I will be glad to see if someone will write a batch script for automate the process or a GUI application because I have no time to do it personally. Also will be nice if someone will create a centralized storage of game setting' sets to find keys there. In the future the tool needs to be improved for error handling because it is poor at the moment. I will plan to improve it in further versions.

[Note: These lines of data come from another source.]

Lemma e_path_value v j :
  eL v * path_value j = if lifts v (path_end j) then path_value j else 0.
Proof.
have [hd'E _ _] := cut.
case: j => c q; rewrite /path_value /path_end /=.
case: (cut_path c (val q)) => /=; last by rewrite mulr0 if_same.
case/lastP: (val q) => [|q' b] /=.
  by case: ifP => _; rewrite ?mulr0 ?if_same // (sl_ee relL) eq_sym.
have -> : (rcons q' b == [::]) = false by case: q'.
rewrite lam_path_rcons mulrA (sl_ex relL) map_rcons last_rcons /lifts hd'E.
by case: ifP; rewrite ?mul0r.
Qed.

Lemma path_value_extend a i : val i.2 != [::] ->
  oapp path_value 0 (extend i a) = xL a * path_value i.
Proof.
case: i => c [q q_s] /= q_nil; rewrite {2}/path_value /= (negbTE q_nil).
have [cut_q|ncut_q] := boolP (cut_path c q); last first.
  by rewrite extend_None ?mulr0 //= cut_path_rcons (negbTE ncut_q).
have [tl'a|tl'a] := eqVneq (tl' a) (last c (map hd' q)).
  have cut_qa : cut_path c (rcons q a) by rewrite cut_path_rcons cut_q tl'a eqxx.
  have [u u_qa ->] := @extendP (c, SeqSub q_s) a cut_qa.
  rewrite /path_value /= u_qa cut_qa lam_path_rcons /=.
  by have -> : (rcons q a == [::]) = false by case: (q).
rewrite extend_None /=; last by rewrite cut_path_rcons cut_q (negbTE tl'a).
case/lastP: q q_s q_nil cut_q tl'a => [//|q' b] _ _ _.
by rewrite map_rcons last_rcons lam_path_rcons mulrA => /sl_xx_excised ->; rewrite mul0r.
Qed.

Lemma eq_flat v c : (flat v == c) = lifts v c && ~~ (val c).2.
Proof. by case: c => -[u [|]] ok; rewrite -val_eqE /= xpair_eqE ?andbF ?andbT // eq_sym. Qed.

Lemma lam_path1 a : lam_path [:: a] = xL a.
Proof. by rewrite (lam_path_rcons [::]) /lam_path big_nil mulr1. Qed.

Lemma path_value_extend_nil a c :
  oapp path_value 0 (extend (c, nil_path) a) = if tl' a == c then xL a else 0.
Proof.
have [<-|tl'a_c] := eqVneq (tl' a) c; last by rewrite extend_None //= (negbTE tl'a_c).
have cut_a : cut_path (tl' a) (rcons (val nil_path) a) by rewrite /= eqxx.
have [u u_a ->] := @extendP (tl' a, nil_path) a cut_a.
by rewrite /path_value /= u_a /= eqxx lam_path1.
Qed.

Lemma x_path_value_nil a c :
  xL a * path_value (c, nil_path) = if flat (tl a) == c then xL a else 0.
Proof.
rewrite /path_value /= eq_flat; case: ifP => [c_sharp|_]; first by rewrite mulr0 andbF.
by rewrite (sl_xe relL) /lifts eq_sym andbT.
Qed.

Secure File ID Dumper (secure_file_id_dumper: ps3_savedata_plugin.sprx, ps3_savedata_plugin_game.sprx, ps3_savedata_plugin_game_mini.sprx and secure_file_id_dumper_loader.pkg)

A secure file ID is specified by developer of the game. There are can be more than one secure file IDs, one ID per file. There are cases when these bytes stored at EBOOT.ELF as is, so you can use my PFD tool to bruteforce them by specifying a PARAM.PFD and file name.

In other cases you need skills of reverse-engineering and a disassembler to find a secure file ID. That's why I had created this dumper. It dumps a secure file ID from memory itself.

Requirements:

  • 3.55 CFW (e.g. Kmeaw)
  • MultiMAN or original dev_blind application and FTP client

1. Install Data Dumper (data_dumper.pkg) if you didn't installed it before. It is a homebrew application to dump a data from some LV2 memory to a file: /dev_hdd0/tmp/dumps.bin. A data which stored there is written by dumper loaders, e.g. by Klicensee Dumper.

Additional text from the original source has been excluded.